# 3 swarms in 3 days?



## mooman (May 19, 2008)

I have a top bar hive I've been "keeping" for three years. Its never been very good at making honey but has always been good at throwing swarms. (I know its because I'm not managing it properly but like most homesteaders I have MANY other projects). I have a an old Langstoth hive body that scrapiron sold me last spring. I have tried several times to rehome a swarm in it but they always take off the next day. Anywho.....

Two weeks ago a good sized swarm appears. I get it in the box. Next day its on a tree. I put it back in the box and try to close down the entrance with some screen. Next day, gone. Ohh well.

4 days ago another swarm appears. This time I staple screen all around entrance (make it bee tight). Get the swarm in the box left them in there 2 days (feeding them through a small hole). They stuck around. YAY!

One day after this swarm appears I have TWO MORE SWARMS. I check my old hive and new hive. Plenty of bees in both. That's 4 swarms in 2 weeks. Whats going on? How often can a hive swarm? Am I just lucky and my property is some kind of swarm magnet?

PS local beekeeper friend got the last two swarms. I haven't heard if they stuck around.


----------



## homemaid (Apr 26, 2011)

they say a swarm will usually go to where there was a swarm before they can smell it.
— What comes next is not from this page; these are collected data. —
(* Let $0<\beta<1$, $h\in\mathbb{R}$, and let $\sigma\in\{-1,1\}^n$ have law $\mathbb{P}(\sigma)=Z^{-1}\exp\{\frac{\beta}{n}\sum_{i<j}\sigma_i\sigma_j+h\sum_i\sigma_i\}$. Let $\sigma'$ be obtained from $\sigma$ by choosing a site $i\in\{1,\dots,n\}$ uniformly at random and resampling $\sigma_i$ from its conditional law under this Gibbs measure given $(\sigma_j)_{j\neq i}$, and let $\sigma''$ be obtained from $\sigma'$ in the same way. Let $W,W',W''$ be $\sum_i\sigma_i,\sum_i\sigma_i',\sum_i\sigma_i''$, let $Q_k=\mathbb{P}[W'=W+k\mid\sigma]$, $q_k=\mathbb{E}Q_k$, $Q_{k,k}=\mathbb{P}[W'=W+k,W''=W'+k\mid\sigma]$, let $m=\frac1n\sum_{i=1}^n\sigma_i$, and let $m_0$ be the unique solution of $m=\tanh(\beta m+h)$. Then there is a constant $C$ depending only on $\beta,h$ such that for $k=\pm2$, \[ \Bigl|Q_k-\frac{1-m_0^2}{4}\Bigr|\le C\Bigl(|m-m_0|+\frac1n\Bigr),\qquad |Q_{k,k}-Q_k^2|=O(n^{-1}), \] and \[ \Bigl|q_k-\frac{1-m_0^2}{4}\Bigr|=O(n^{-1/2}),\qquad \mathrm{Var}(Q_k)=O(n^{-1}), \] as $n\to\infty$.
   Context: $Z$ is the normalizing constant of the Gibbs measure (Curie–Weiss model). *)

From HB Require Import structures.
From mathcomp Require Import all_boot all_order all_algebra.
From mathcomp Require Import reals.
From mathcomp Require Import sequences exp.
Set Implicit Arguments. Unset Strict Implicit. Unset Printing Implicit Defensive.
Import Order.TTheory GRing.Theory Num.Theory.
Local Open Scope ring_scope.

Section CW.
Variable R : realType.

Definition tanhR (x : R) : R := (expR x - expR (- x)) / (expR x + expR (- x)).

(* configurations sigma in {-1,1}^n, encoded by booleans (true = +1) *)
Definition config (n : nat) := {ffun 'I_n -> bool}.
Definition spin (b : bool) : R := if b then 1 else -1.

Definition magsum n (s : config n) : R := \sum_(i < n) spin (s i).
Definition mag n (s : config n) : R := magsum s / n%:R.

Definition cw_energy (beta h : R) n (s : config n) : R :=
  beta / n%:R * (\sum_(i < n) \sum_(j < n | (i < j)%N) spin (s i) * spin (s j))
  + h * magsum s.
Definition cw_weight beta h n (s : config n) : R := expR (cw_energy beta h s).
Definition cw_Z beta h n : R := \sum_(s : config n) cw_weight beta h s.
Definition cw_P beta h n (s : config n) : R := cw_weight beta h s / cw_Z beta h n.

Definition setsite n (s : config n) (i : 'I_n) (b : bool) : config n :=
  [ffun j => if j == i then b else s j].

Definition cond_prob beta h n (s : config n) (i : 'I_n) (b : bool) : R :=
  cw_weight beta h (setsite s i b) /
  (cw_weight beta h (setsite s i true) + cw_weight beta h (setsite s i false)).

(* Glauber transition kernel: choose i uniformly, resample sigma_i from its
   conditional law. K s t = P[sigma' = t | sigma = s]. *)
Definition glauber beta h n (s t : config n) : R :=
  \sum_(i < n) (n%:R)^-1 *
     ((\big[andb/true]_(j < n | j != i) (t j == s j))%:R * cond_prob beta h s i (t i)).

Definition Qk beta h n (k : R) (s : config n) : R :=
  \sum_(t : config n) glauber beta h s t * (magsum t == magsum s + k)%:R.

Definition Qkk beta h n (k : R) (s : config n) : R :=
  \sum_(t : config n) \sum_(u : config n)
     glauber beta h s t * glauber beta h t u *
     ((magsum t == magsum s + k) && (magsum u == magsum t + k))%:R.

Definition qk beta h n (k : R) : R :=
  \sum_(s : config n) cw_P beta h s * Qk beta h k s.

Definition varQk beta h n (k : R) : R :=
  \sum_(s : config n) cw_P beta h s * (Qk beta h k s - qk beta h n k) ^+ 2.

End CW.

From HB Require Import structures.
From mathcomp Require Import all_boot all_order all_algebra.
From mathcomp Require Import reals ring lra.
From mathcomp Require Import topology normedtype sequences derive realfun exp.
Set Implicit Arguments. Unset Strict Implicit. Unset Printing Implicit Defensive.
Import Order.TTheory GRing.Theory Num.Theory.
Import numFieldNormedType.Exports.
Local Open Scope ring_scope.

(* One heat-bath step raises W by 2e (e = +-1) exactly when the chosen site
   carries spin -e, with probability (1 - e m)/2, and is resampled to e, with
   probability (1 + e tanh(beta (m + e/n) + h))/2.  So Q_{2e} is an explicit
   function of m, Lipschitz up to O(1/n), Q_{2e,2e} is the product of its
   values at m and m + 2e/n, and the fixed-point equation makes its value at
   m0 equal to (1 - m0^2)/4.  Both averaged bounds then follow from
   E (Q_{2e} - (1 - m0^2)/4)^2 <= 2 E (m - m0)^2 + 2/n and the concentration
   estimate E (m - m0)^2 <= 5 / ((1 - beta) n).  For the latter, flipping
   sigma_i shows E[f(W - sigma_i) (sigma_i - tanh(beta (W - sigma_i)/n + h))] = 0;
   summed over i with f(A) = A/n - m0 this is n E[(m - m0)(m - tanh(beta m + h))]
   up to O(1), which dominates (1 - beta) n E (m - m0)^2 since tanh is
   1-Lipschitz. *)

Lemma normr_mulB_le (R : numDomainType) (u v u' v' : R) :
  `|u| <= 1 -> `|v'| <= 1 -> `|u * v - u' * v'| <= `|v - v'| + `|u - u'|.
Proof.
move=> u1 v1; rewrite (_ : _ - _ = u * (v - v') + (u - u') * v'); last by ring.
apply: (le_trans (ler_normD _ _)); rewrite !normrM lerD //.
  by rewrite ler_piMl.
by rewrite ler_piMr.
Qed.

Lemma normr_half1D_le1 (R : realFieldType) (y : R) : `|y| <= 1 -> `|(1 + y) / 2| <= 1.
Proof. by rewrite !ler_norml => /andP [y1 y2]; apply/andP; split; lra. Qed.

Lemma perturbed_product_ge (R : realFieldType) (x sg T d c : R) :
  `|x| <= 2 -> `|sg| = 1 -> `|T| <= 1 -> `|d| <= c -> c <= 1 ->
  x * (sg - T) - 5 * c <= (x - sg * c) * (sg - (T + d)).
Proof.
move=> x2 sg1 T1 dc c1; have c0 : 0 <= c := le_trans (normr_ge0 d) dc.
have sg2 : sg * sg = 1 by rewrite -expr2 -real_normK ?num_real // sg1 expr1n.
have xd : x * d <= 2 * c.
  by apply: le_trans (ler_norm _) _; rewrite normrM ler_pM.
have sgT : - 1 <= sg * T.
  by move: T1; rewrite -[`|T|]mul1r -sg1 -normrM ler_norml => /andP[].
have sgd : - c <= sg * d.
  by move: dc; rewrite -[`|d|]mul1r -sg1 -normrM ler_norml => /andP[].
rewrite [leRHS](_ : _ = x * (sg - T) - x * d - c * (sg * sg)
                        + c * (sg * T) + c * (sg * d)); last by ring.
rewrite sg2; nra.
Qed.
You are one lucky guy to get all those free bees.. I would like to just get a few free ones..Good luck. Try rubbing lemongrass oil on QTIP onto the bottom board near a back corner before putting you bees in the hive. Sometimes they dont like the smell of the box or wood.. The lemongrass oil they like and it may help keep them in there.


----------



## TxGypsy (Nov 23, 2006)

Yes, 1 hive can throw several swarms. Of course all the swarms that issue after the primary swarm have virgin queens.


----------



## mooman (May 19, 2008)

Next question. Do I feed them? I know some people fear that it sets off robbing ( original hive is about thirty yards away). I have an entrance feeder and 1:1 syrup all ready to go.


----------



## TxGypsy (Nov 23, 2006)

I do not recommend entrance feeders. Those do promote robbing. I wish they would quit including those things in beginners kits. 

Use a top feeder or make a feeding station. I feel that a feeding station is more natural for the bees as they have to leave the hive and go 'gather' their food.


----------



## alleyyooper (Apr 22, 2005)

I mostly use gallon jar feeders I get free from a couple local pizza joints. I drill 1/16" holes in two rows that will fit over the inter cover hole. Once in place I add a empty deep around it and add the outer cover.



I also some times use a plastic two gallon pail I get from donut shop for free with the same 1/16" holes I set on the inter cover but mostly set on the top bars due to the inter cover bowing under weight of 2 gallons of syrup. I also have some home made top feeders with floats that hold just over a gallon of syrup. They are easy to refill from a 5 gallon pail of syrup.

 Al


----------